Today Les Invalides is home to the Musée de l’Armée and is the final resting place of some of France’s most notable war heroes, members of Napoleon’s family and of course, Napoleon himself. One of the most influential and most beloved men in French history, he remains one of the most studied political and military leaders of all time.
The Napoleonic code included such laws as freedom of religion, forbade birth related privileges and dictated that government jobs would be given to persons who were most qualified. Historian Robert Holtman, regards the Napoleonic Code as one of the few documents to have influenced the whole world. 
Napoleon’s reforms included a tax code, higher education, road and sewer systems and he established the Banque de France (the central bank of France). 
As Napoleon said: “My true glory is not to have won forty battles…Waterloo will erase the memory of so many victories. … But…what will live forever, is my Civil Code.” and indeed his code was adopted across many nations in Europe, the Americas and Africa and as such is still in use, in large part, today.
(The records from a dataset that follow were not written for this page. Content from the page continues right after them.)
(* Let $\mathcal D[t]\subset\mathcal H\subset\mathcal D^\times[t^\times]$ be a rigged Hilbert space with $\mathcal D[t]$ a reflexive Fréchet space, $(X,\mu)$ a $\sigma$-finite measure space, $\omega,\theta$ Bessel distribution maps and $m\in L^\infty(X,\mu)$. Suppose the outer multiplier $\mathcal M_{m,\omega,\theta}:\mathcal D\to\mathcal D^\times$ is bijective with continuous inverse $\mathcal D^\times[t^\times]\to\mathcal D[t]$. Then (i) $M_{m,\omega,\theta}:D(M_{m,\omega,\theta})\to\mathcal H$ is bijective, densely defined in $\mathcal H$, and has a bounded inverse (in particular it is closed); (ii) $(M_{m,\omega,\theta})^*=M_{\overline m,\theta,\omega}$.
   Context: Rigged Hilbert space: $\mathcal D$ dense subspace of Hilbert space $\mathcal H$ with a locally convex topology $t$ finer than the norm topology, $\mathcal D^\times$ its conjugate dual with strong dual topology, $\mathcal H\subset\mathcal D^\times$ (continuous dense inclusions), pairing $\langle F,f\rangle$ extending the inner product, $\langle f,F\rangle:=\overline{\langle F,f\rangle}$. $\omega:X\to\mathcal D^\times$ is a Bessel distribution map if $x\mapsto\langle f,\omega_x\rangle$ is measurable and $\int_X|\langle f,\omega_x\rangle|^2d\mu<\infty$ for all $f\in\mathcal D$. Outer distribution multiplier: $\mathcal M_{m,\omega,\theta}$ is the continuous linear map $\mathcal D\to\mathcal D^\times$ with $\langle\mathcal M_{m,\omega,\theta}f,g\rangle=\int_X m(x)\langle f,\omega_x\rangle\langle\theta_x,g\rangle d\mu$ for $f,g\in\mathcal D$. Distribution multiplier $M_{m,\omega,\theta}$: domain is the set of $f\in\mathcal D$ for which $g\mapsto\int_X m(x)\langle f,\omega_x\rangle\langle\theta_x,g\rangle d\mu$ ($g\in\mathcal D$) is defined and bounded in the $\mathcal H$-norm, and $M_{m,\omega,\theta}f\in\mathcal H$ is its Riesz representative (equivalently, $D(M_{m,\omega,\theta})=\{f\in\mathcal D:\mathcal M_{m,\omega,\theta}f\in\mathcal H\}$ and $M_{m,\omega,\theta}$ is the restriction of $\mathcal M_{m,\omega,\theta}$). *)

From mathcomp Require Import all_boot all_algebra all_classical all_reals all_analysis.
From mathcomp Require Export complex.
Import GRing.Theory Num.Theory.

Set Implicit Arguments.
Unset Strict Implicit.
Unset Printing Implicit Defensive.

Local Open Scope classical_set_scope.
Local Open Scope ring_scope.

Section RiggedDefs.
Variable R : realType.
Local Notation C := (R[i]).

Definition cnorm2 (z : C) : R := complex.Re z ^+ 2 + complex.Im z ^+ 2.
Definition cabs (z : C) : R := Num.sqrt (cnorm2 z).

Section GenericDual.
Variable V : lmodType C.
Variable op : set V -> Prop.   (* the open sets (subsets of S) *)
Variable S : set V.            (* the carrier: a linear subspace of V *)

Definition nbhd_in (x : V) (U : set V) := exists A, op A /\ A x /\ A `<=` U.

Definition bounded_in (B : set V) :=
  B `<=` S /\
  forall U, nbhd_in 0 U ->
    exists2 r : R, 0 < r &
      forall lam : C, r < cabs lam -> forall b, B b -> U (lam^-1 *: b).

Definition conj_linear_on (phi : V -> C) :=
  forall (a : C) x y, S x -> S y -> phi (a *: x + y) = a^* * phi x + phi y.

Definition continuous_on_S (phi : V -> C) :=
  forall x, S x -> forall e : R, 0 < e ->
    nbhd_in x [set y | S y -> cabs (phi y - phi x) < e].

Definition cdual_of : set (V -> C) :=
  [set phi | conj_linear_on phi /\ continuous_on_S phi /\
             (forall x, ~ S x -> phi x = 0)].

(* the strong dual topology: uniform convergence on bounded subsets *)
Definition strong_open (A : set (V -> C)) : Prop :=
  A `<=` cdual_of /\
  forall F, A F -> exists B, bounded_in B /\
    exists2 e : R, 0 < e &
      forall G, cdual_of G -> (forall b, B b -> cabs (G b - F b) < e) -> A G.
End GenericDual.

Section OnD.
Variable D : tvsType C.

Definition Dx : set (D -> C) := cdual_of (@open D) setT.
Definition Dx_open : set (D -> C) -> Prop := strong_open (@open D) setT.
Definition Dxx : set ((D -> C) -> C) := cdual_of Dx_open Dx.
Definition Dxx_open : set ((D -> C) -> C) -> Prop := strong_open Dx_open Dx.

Definition Jcan (f : D) : (D -> C) -> C :=
  fun F => if `[< Dx F >] then (F f)^* else 0.

Definition reflexive_space : Prop :=
  (forall f, Dxx (Jcan f)) /\ injective Jcan /\
  (forall Phi, Dxx Phi -> exists f, Jcan f = Phi) /\
  (forall U : set D, open U <-> Dxx_open (Jcan @` U)).

Definition metrizable_space : Prop :=
  exists dist : D -> D -> R,
    (forall x y, 0 <= dist x y) /\ (forall x y, dist x y = 0 <-> x = y) /\
    (forall x y, dist x y = dist y x) /\
    (forall x y z, dist x z <= dist x y + dist y z) /\
    (forall x (A : set D), nbhs x A <->
       exists2 e : R, 0 < e & [set y | dist x y < e] `<=` A).

Definition frechet_space : Prop :=
  hausdorff_space D /\ metrizable_space /\
  (forall F : set_system D, ProperFilter F -> cauchy F -> exists x : D, F --> x).
End OnD.
Arguments Dx : clear implicits.
Arguments Dx_open : clear implicits.
Arguments Dxx : clear implicits.
Arguments Dxx_open : clear implicits.

Section Hilbert.
Variable H : lmodType C.
Variable ip : H -> H -> C.     (* linear in the first argument *)

Definition hnorm (x : H) : R := Num.sqrt (complex.Re (ip x x)).

Definition hilbert_space : Prop :=
  (forall (a : C) x y z, ip (a *: x + y) z = a * ip x z + ip y z) /\
  (forall x y, ip y x = (ip x y)^*) /\
  (forall x, 0 <= ip x x) /\ (forall x, ip x x = 0 -> x = 0) /\
  (forall u : nat -> H,
     (forall e : R, 0 < e -> exists N, forall p q, (N <= p)%N -> (N <= q)%N ->
         hnorm (u p - u q) < e) ->
     exists l, forall e : R, 0 < e -> exists N, forall p, (N <= p)%N ->
         hnorm (u p - l) < e).

(** rigged Hilbert space D[t] ⊂ H ⊂ D^x[t^x]; iota is the inclusion D -> H *)
Variable D : tvsType C.
Variable iota : D -> H.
Napoelon’s remains were brought back to France and marched under l’Arc du Triomphe–which was commissioned by Napoleon after the battle at Austerlitz but which he would never see completed–on 15 December 1840 en route to their final resting place at Les Invalides at the behest of King Louis-Phillipe. The sarcophagus of Napoleon is made of red quartzite resting on a base of green granite and was completed in 1861. A beautiful and moving final resting place for one of the world’s most influential men. Truly an honour to have visited.

Pont Alexandre III
Pont Alexandre III

Finally, I was able to take a cruise along the Seine. Despite the freezing cold weather it was a most beautiful way to see Paris. I went with Bateaux Mouches whose boats depart every hour (in winter, they may be more frequent in summer and spring) and I got some amazing photographs!

This week I have another City visit with the school I am studying French at, L’Atelier Neuf and then I am cramming Le Panthéon, Musée Quay Branley, Musée Carnavalet, Le Bon Marché and a jazz club in before leaving on Sunday.